**DATASET**
──────────────────────────────
Lemma face_wall_even W r :
  inner_face_rep e n o r -> ~~ odd #|[pred y | fconnect face r y && (wall y == W)]|.
Proof.
move=> face_r; have /andP[_ inner_r] := face_r.
rewrite card_fconnect_count /orbit inner_quad //.
have face4 : face (face (face (face r))) = r.
  by have := iter_order (@face_inj _ e n) r; rewrite inner_quad.
have inner_iter k : inner (iter k face r).
  apply: contra inner_r => o_r; apply: connect_trans o_r _.
  by rewrite fconnect_face_sym fconnect_iter.
have adj_col x : vcol (tail x) != vcol (tail (face x)).
  by apply: c_proper; apply/existsP; exists x; rewrite tail_face !eqxx.
have center_col k : vcol (tail (iter k face r)) != c (inr (exist _ r face_r)).
  by apply: c_proper; apply/existsP; exists (iter k face r); rewrite fconnect_iter eqxx.
have link k : vcol (tail (iter k face r)) = vcol (tail (iter k.+2 face r)) ->
    wall (iter k.+1 face r) = wall (iter k face r).
  by move=> col_k; apply: wall_eq; rewrite /wall_rel /face_link inner_iter col_k !eqxx !orbT.
have adj3 := adj_col (face (face (face r))); rewrite face4 in adj3.
have := quad_opposite_colors (adj_col r) (adj_col (face r)) (adj_col (face (face r))) adj3
  (center_col 0%N) (center_col 1%N) (center_col 2%N) (center_col 3%N).
case/orP=> /eqP col_eq /=.
- rewrite (link 0%N col_eq) (link 2%N) /=; last by rewrite face4 col_eq.
  by case: (wall r == W); case: (wall (face (face r)) == W).
- have w3 := link 3%N; rewrite /= face4 in w3.
  rewrite (link 1%N col_eq) -(w3 (esym col_eq)).
  by case: (wall r == W); case: (wall (face r) == W).
Qed.

Lemma exists_wall_side W : exists s : {ffun V -> bool},
  [forall x, (s (tail x) != s (tail (e x))) == (wall x == W)].
Proof.
have [|s sE] := even_faces_cut (o := o) map_simple map_rot map_connected map_euler
  (X := [pred y | wall y == W]) _ (fun r face_r => face_wall_even W face_r).
  by move=> x; rewrite /= wall_e.
by exists (finfun s); apply/forallP => x; rewrite !ffunE sE.
Qed.

Definition wall_side (W : D) : V -> bool := xchoose (exists_wall_side W).

Lemma wall_side_flip W x :
  (wall_side W (tail x) != wall_side W (tail (e x))) = (wall x == W).
Proof. by have /forallP /(_ x) /eqP := xchooseP (exists_wall_side W). Qed.

Lemma wall_side_eq W a b : wall a = wall b -> W != wall a ->
  wall_side W (tail a) = wall_side W (tail b).
Proof.
move=> ab_wall W_a.
have keep z : wall z = wall a -> wall_side W (tail (e z)) = wall_side W (tail z).
  by move=> z_wall; apply/eqP/negPn; rewrite eq_sym wall_side_flip z_wall eq_sym (negbTE W_a).
pose S := [pred y | (wall y == wall a) && (wall_side W (tail y) == wall_side W (tail a))].
suff /andP[_ /eqP //] : S b.
apply: (connect_forward (S := S)) (introT (fingraph.rootP wall_sym) ab_wall) _.
  move=> x y xy /andP[/eqP x_wall /eqP x_side]; have y_wall := wall_eq xy.
  rewrite /S /= y_wall x_wall eqxx -x_side /=; apply/eqP.
  case/or4P: xy => [/eqP ->|/eqP ->|/and3P[_ /eqP -> _]|/and3P[_ /eqP -> _]].
  - exact: keep.
  - by rewrite keep // y_wall.
  - by rewrite tail_face keep.
  - by rewrite tail_face keep // y_wall.
by rewrite /= !eqxx.
Qed.

Lemma outer_boundary_wall_walk (h : V -> bool) (phi : V -> bool * bool) g :
  (forall v, v \in outer_boundary tail e n o -> c (inl v) = phi v) ->
  cycle_hom (outer_boundary tail e n o) (fun v => @hueG V D e n o h (inl v)) phi g ->
  wall_walk (g \o tail) wall (fun x W => wall_side W (tail x)) edge_label (orbit face o).
Proof.
move=> c_phi /andP[g_cycle g_ok].
have g_col x : x \in orbit face o -> colT (g (tail x)) = vcol (tail x).
  move=> ox; have tx : tail x \in outer_boundary tail e n o by apply: map_f.
  by have /andP[_ /eqP ->] := allP g_ok _ tx; rewrite /vcol c_phi.
split.
- have adj_cycle : cycle (fun x y => adjT (g (tail x)) (g (tail y))) (orbit face o).
    by move: g_cycle; rewrite /outer_boundary cycle_map.
  have := cycle_orbit (@face_inj _ e n) o.
  rewrite -[cycle (frel face) _]andbT -adj_cycle -cycle_relI.
  apply: sub_in_cycle (allss _) => x y ox oy /andP[/eqP xy adj_xy].
  rewrite /crossing /= adj_xy (g_col x ox) (g_col y oy) edge_label_wall -xy.
  rewrite /edge_label tail_face eqxx; apply/forallP => W.
  by rewrite wall_side_flip.
- apply/allP => x ox; have tx : tail x \in outer_boundary tail e n o by apply: map_f.
  by have /andP[/eqP hx _] := allP g_ok _ tx; rewrite /= hx /hueG; case: (h (tail x)).
- by move=> x y _ _ xy W; apply: wall_side_eq.
Qed.

End PatchColoring.

Theorem corollary22 (V D : finType) (tail : D -> V) (e n : {perm D}) (o : D)
  (h : V -> bool) (phi : V -> bool * bool) :
  near_quadrangulation tail e n o ->
  (forall u v : V, adjH tail e u v -> h u != h v) ->
  viable_on_cycle (outer_boundary tail e n o)
    (fun v => @hueG V D e n o h (inl v)) phi ->
  (exists c : GV V e n o -> bool * bool,
      four_coloring (@adjG V D tail e n o) c /\
      forall v, v \in outer_boundary tail e n o -> c (inl v) = phi v) ->
  null_homotopic_on_cycle (outer_boundary tail e n o)
    (fun v => @hueG V D e n o h (inl v)) phi.
Proof.
move=> [simple rot two_conn euler quad] _ _ [c [c_proper c_phi]] g g_hom.
have walk := outer_boundary_wall_walk simple rot (two_connected_connect two_conn) euler
  quad c_proper c_phi g_hom.
by rewrite /outer_boundary -map_comp; apply: wall_walk_null_homotopic walk.
Qed.
(* Let $G$ be a connected graph and let $S\subseteq V(G)$. The following statements are equivalent: (1) there is a GS ordering of $G$ whose $\mathcal{F}$-tree has all elements of $S$ as leaves; (2) there is a spanning tree of $G$ in which all elements of $S$ are leaves; (3) the set $V(G)\setminus S$ is a connected dominating set of $G$.
   Context: All graphs are finite, simple, undirected, connected and non-empty. A GS (generic search) ordering of $G$ is an ordering $(v_1,\dots,v_n)$ of $V(G)$ such that every $v_i$ with $i>1$ has a neighbor among $v_1,\dots,v_{i-1}$. Its $\mathcal{F}$-tree is the spanning tree rooted at $v_1$ in which the parent of $v_i$ ($i>1$) is its neighbor appearing leftmost in the ordering. Spanning trees are rooted; a leaf is a non-root vertex without children (the root is never a leaf). A connected dominating set is a set $D\subseteq V(G)$ such that $G[D]$ is connected and every vertex outside $D$ has a neighbor in $D$. *)

From mathcomp Require Import all_boot.
Set Implicit Arguments. Unset Strict Implicit. Unset Printing Implicit Defensive.

Definition simple_graph (T : finType) (e : rel T) : Prop :=
  symmetric e /\ irreflexive e.

Definition graph_connected (T : finType) (e : rel T) : Prop :=
  0 < #|T| /\ forall x y : T, connect e x y.

Definition GS_ordering (T : finType) (e : rel T) (s : seq T) : Prop :=
  perm_eq s (enum T) /\
  {in s, forall v, 0 < index v s -> has (e v) (take (index v s) s)}.

Definition Fparent (T : finType) (e : rel T) (s : seq T) (v : T) : T :=
  let pre := take (index v s) s in nth v pre (find (e v) pre).

(* Rooted spanning tree given by a root r and a parent map p:
   every non-root vertex is adjacent to its parent, and iterating the
   parent map from any vertex reaches the root. *)
Definition rooted_spanning_tree (T : finType) (e : rel T) (r : T) (p : T -> T)
  : Prop :=
  (forall v, v != r -> e v (p v)) /\ (forall v, exists k, iter k p v = r).

Definition is_leaf (T : finType) (r : T) (p : T -> T) (v : T) : bool :=
  (v != r) && [forall u, (u != r) ==> (p u != v)].

Definition induced_connected (T : finType) (e : rel T) (D : {set T}) : Prop :=
  D != set0 /\
  {in D &, forall x y, connect [rel a b | [&& e a b, a \in D & b \in D]] x y}.

Definition dominating (T : finType) (e : rel T) (D : {set T}) : Prop :=
  forall v, v \notin D -> exists2 u, u \in D & e v u.

Definition connected_dominating (T : finType) (e : rel T) (D : {set T}) : Prop :=
  induced_connected e D /\ dominating e D.

(* The F-tree of a GS ordering is a spanning tree, since the parent of each
   vertex is an earlier neighbour.  In a spanning tree whose leaves include S,
   every parent lies outside S, so walking up to the root stays inside V \ S,
   and the parent of a vertex of S dominates it.  Conversely, when V \ S is a
   connected dominating set, search G[V \ S] first and append S at the end:
   every vertex of S then finds its leftmost neighbour in V \ S, so no vertex
   of S is a parent in the F-tree. *)

From mathcomp Require Import all_boot.
Set Implicit Arguments. Unset Strict Implicit.

Section GenericSearch.

Variables (T : finType) (e : rel T).

Definition gs_seq (l : seq T) : Prop :=
  {in l, forall v, 0 < index v l -> has (e v) (take (index v l) l)}.

Definition induced_rel (D : {set T}) : rel T :=
  [rel a b | [&& e a b, a \in D & b \in D]].

Lemma gs_seq_cat (l1 l2 : seq T) :
  gs_seq l1 -> {in l2, forall v, has (e v) l1} -> gs_seq (l1 ++ l2).
Proof.
move=> gs1 adj2 v; rewrite mem_cat index_cat take_cat.
case: ifP => [vl1 _|_ /= vl2 _]; first by rewrite index_mem vl1; apply: gs1.
by rewrite ltnNge leq_addr /= has_cat adj2.
Qed.

Lemma Fparent_spec (l : seq T) (v : T) :
  has (e v) (take (index v l) l) ->
  Fparent e l v \in take (index v l) l /\ e v (Fparent e l v).
Proof.
by move=> adj; split; [apply: mem_nth; rewrite -has_find | apply: nth_find].
Qed.

Lemma Fparent_cat_mem (l1 l2 : seq T) (v : T) :
  (v \in l1) || has (e v) l1 -> Fparent e (l1 ++ l2) v \in l1.
Proof.
rewrite /Fparent index_cat; have [vl1 _|_ /= adj] := boolP (v \in l1).
  rewrite take_cat index_mem vl1; set pre := take _ l1.
  have [lt_find|ge_find] := ltnP (find (e v) pre) (size pre).
    exact: mem_take (mem_nth _ lt_find).
  by rewrite nth_default.
rewrite take_cat ltnNge leq_addr /= find_cat nth_cat adj.
by have := adj; rewrite has_find => lt_find; rewrite lt_find mem_nth.
Qed.

Lemma rooted_spanning_tree_of_rank (r : T) (p : T -> T) (rank : T -> nat) :
  (forall v, v != r -> e v (p v) /\ rank (p v) < rank v) ->
  rooted_spanning_tree e r p.
Proof.
move=> par; split=> [v /par[] //|v].
elim: {v}(rank v) {-2}v (leqnn (rank v)) => [|n IHn] v le_rank.
  have [->|/par[_]] := eqVneq v r; first by exists 0.
  by rewrite ltnNge (leq_trans le_rank).
have [->|/par[_ lt_rank]] := eqVneq v r; first by exists 0.
have [k iter_k] := IHn (p v) (leq_trans lt_rank le_rank).
by exists k.+1; rewrite iterSr.
Qed.

Lemma GS_ordering_rooted_spanning_tree (r : T) (s : seq T) :
  GS_ordering e (r :: s) -> rooted_spanning_tree e r (Fparent e (r :: s)).
Proof.
case=> perm_all gs; apply: rooted_spanning_tree_of_rank (index^~ (r :: s)) _.
move=> v vr; have vs : v \in r :: s by rewrite (perm_mem perm_all) mem_enum.
have idx_pos : 0 < index v (r :: s) by rewrite /= eq_sym (negbTE vr).
by have [/index_ltn lt_idx adj] := Fparent_spec (gs v vs idx_pos).
Qed.

Lemma parent_not_leaf (r : T) (p : T -> T) (v : T) :
  v != r -> ~~ is_leaf r p (p v).
Proof.
by move=> vr; apply/andP=> -[_ /forallP/(_ v)]; rewrite vr eqxx.
Qed.

Lemma connect_exit (f : rel T) (a : pred T) (x y : T) :
  connect f x y -> a x -> ~~ a y -> exists u v, [/\ f u v, a u & ~~ a v].
Proof.
move=> /connectP[q fq ->].
elim: q x fq => [|z q IHq] x /=; first by move=> _ ->.
case/andP=> fxz fq ax; have [az|naz] := boolP (a z); first exact: IHq.
by exists x, z.
Qed.

Hypothesis e_sym : symmetric e.

Lemma connected_dominating_of_parent_closed (D : {set T}) (r : T) (p : T -> T) :
  rooted_spanning_tree e r p -> r \in D -> (forall v, v != r -> p v \in D) ->
  connected_dominating e D.
Proof.
move=> [adj reach] rD pD.
have connect_root x : x \in D -> connect (induced_rel D) x r.
  have [k] := reach x; elim: k x => [|k IHk] x iter_k xD.
    by rewrite -iter_k connect0.
  have [-> //|xr] := eqVneq x r.
  rewrite iterSr in iter_k; apply: connect_trans (IHk _ iter_k (pD _ xr)).
  by apply: connect1; rewrite /induced_rel /= adj // xD pD.
have sym_induced : symmetric (induced_rel D).
  by move=> a b; rewrite /induced_rel /= e_sym [(a \in D) && _]andbC.
split.
  split=> [|x y xD yD]; first by apply/set0Pn; exists r.
  apply: connect_trans (connect_root x xD) _.
  by rewrite (sym_connect_sym sym_induced) connect_root.
move=> v vD; have vr : v != r by apply: contraNneq vD => ->.
by exists (p v); [apply: pD | apply: adj].
Qed.

Lemma gs_seq_spanning_induced (D : {set T}) (r : T) :
  r \in D -> {in D &, forall x y, connect (induced_rel D) x y} ->
  exists a, [/\ uniq (r :: a), r :: a =i D & gs_seq (r :: a)].
Proof.
move=> rD conn.
have grow n : n < #|D| -> exists2 a, size a = n &
    [/\ uniq (r :: a), {subset r :: a <= D} & gs_seq (r :: a)].
  elim: n => [_|n IHn lt_n].
    exists [::] => //; split=> // [x|v]; rewrite inE => /eqP-> //=.
    by rewrite eqxx.
  have [a size_a [uniq_a sub_a gs_a]] := IHn (ltnW lt_n).
  have /subsetPn[x xD xa] : ~~ (D \subset r :: a).
    apply: contraTN lt_n => /subset_leq_card le_card.
    rewrite -leqNgt (leq_trans le_card) //.
    by rewrite (leq_trans (card_size _)) //= size_a.
  have [u [w [/and3P[euw uD wD] ua wa]]] :=
    connect_exit (a := mem (r :: a)) (conn r x rD xD) (mem_head r a) xa.
  exists (rcons a w); first by rewrite size_rcons size_a.
  rewrite -rcons_cons rcons_uniq wa uniq_a; split=> //.
    by move=> z; rewrite mem_rcons inE => /predU1P[->|/sub_a].
  rewrite -cats1; apply: gs_seq_cat => // z; rewrite inE => /eqP->.
  by apply/hasP; exists u; rewrite // e_sym.
have D_gt0 : 0 < #|D| by apply/card_gt0P; exists r.
have [a size_a [uniq_a sub_a gs_a]] := grow #|D|.-1 ltac:(by rewrite ltn_predL).
have sub_enum : {subset r :: a <= enum D} by move=> x /sub_a; rewrite mem_enum.
have size_enum : size (enum D) <= size (r :: a).
  by rewrite -cardE /= size_a prednK.
have [_ eq_enum] := uniq_min_size uniq_a sub_enum size_enum.
by exists a; split=> // x; rewrite eq_enum mem_enum.
Qed.

Lemma connected_dominating_GS_ordering (S : {set T}) :
  connected_dominating e (~: S) ->
  exists r s, GS_ordering e (r :: s) /\
              {in S, forall v, is_leaf r (Fparent e (r :: s)) v}.
Proof.
move=> [[/set0Pn[r rD] conn] dom].
have [a [uniq_a mem_a gs_a]] := gs_seq_spanning_induced rD conn.
have adj_S v : v \in S -> has (e v) (r :: a).
  move=> vS; have [u uD evu] := dom v ltac:(by rewrite inE negbK).
  by apply/hasP; exists u; rewrite ?mem_a.
have notin_a v : v \in S -> v \notin r :: a by rewrite mem_a inE => ->.
exists r, (a ++ enum S); rewrite -cat_cons; split.
  split; last by apply: gs_seq_cat => // v; rewrite mem_enum; apply: adj_S.
  apply: uniq_perm; [|exact: enum_uniq|move=> v].
    rewrite cat_uniq uniq_a enum_uniq andbT.
    by apply/hasPn => v; rewrite mem_enum; apply: notin_a.
  by rewrite mem_cat !mem_enum mem_a inE orNb.
move=> v vS; apply/andP; split.
  by apply: contraNneq (notin_a v vS) => ->; apply: mem_head.
apply/forallP => u; apply/implyP => _; apply: contraNneq (notin_a v vS) => <-.
apply: Fparent_cat_mem; have [uS|uS] := boolP (u \in S).
  by rewrite adj_S ?orbT.
by rewrite mem_a inE uS.
Qed.

End GenericSearch.

Theorem theorem3p5 (T : finType) (e : rel T) (S : {set T}) :
  simple_graph e -> graph_connected e ->
  let P1 := exists (r : T) (s : seq T),
      GS_ordering e (r :: s) /\
      {in S, forall v, is_leaf r (Fparent e (r :: s)) v} in
  let P2 := exists (r : T) (p : T -> T),
      rooted_spanning_tree e r p /\ {in S, forall v, is_leaf r p v} in
  let P3 := connected_dominating e (~: S) in
  (P1 <-> P2) /\ (P2 <-> P3).
Proof.
(* Neither loops nor the connectivity of G matter: (2) and (3) each force G
   to be connected. *)
move=> [e_sym _] _ P1 P2 P3.
have P1P2 : P1 -> P2.
  case=> r [s [gs leaves]]; exists r, (Fparent e (r :: s)).
  by split; first exact: GS_ordering_rooted_spanning_tree.
have P2P3 : P2 -> P3.
  case=> r [p [tree leaves]].
  apply: (connected_dominating_of_parent_closed e_sym tree) => [|v vr];
    rewrite in_setC.
    by apply/negP => /leaves; rewrite /is_leaf eqxx.
  exact: contra (leaves _) (parent_not_leaf p vr).
have P3P1 : P3 -> P1 by apply: connected_dominating_GS_ordering.
by split; split; [exact: P1P2 | move/P2P3/P3P1 | exact: P2P3 | move/P3P1/P1P2].
Qed.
──────────────────────────────
**PROBLEM STATEMENT**
Among the lines above, list those that contain the word "case".

**OUTPUT BELOW**
case/orP=> /eqP col_eq /=.
  by case: (wall r == W); case: (wall (face (face r)) == W).
  by case: (wall r == W); case: (wall (face r) == W).
  case/or4P: xy => [/eqP ->|/eqP ->|/and3P[_ /eqP -> _]|/and3P[_ /eqP -> _]].
  by have /andP[/eqP hx _] := allP g_ok _ tx; rewrite /= hx /hueG; case: (h (tail x)).
case: ifP => [vl1 _|_ /= vl2 _]; first by rewrite index_mem vl1; apply: gs1.
case=> perm_all gs; apply: rooted_spanning_tree_of_rank (index^~ (r :: s)) _.
case/andP=> fxz fq ax; have [az|naz] := boolP (a z); first exact: IHq.
  case=> r [s [gs leaves]]; exists r, (Fparent e (r :: s)).
  case=> r [p [tree leaves]].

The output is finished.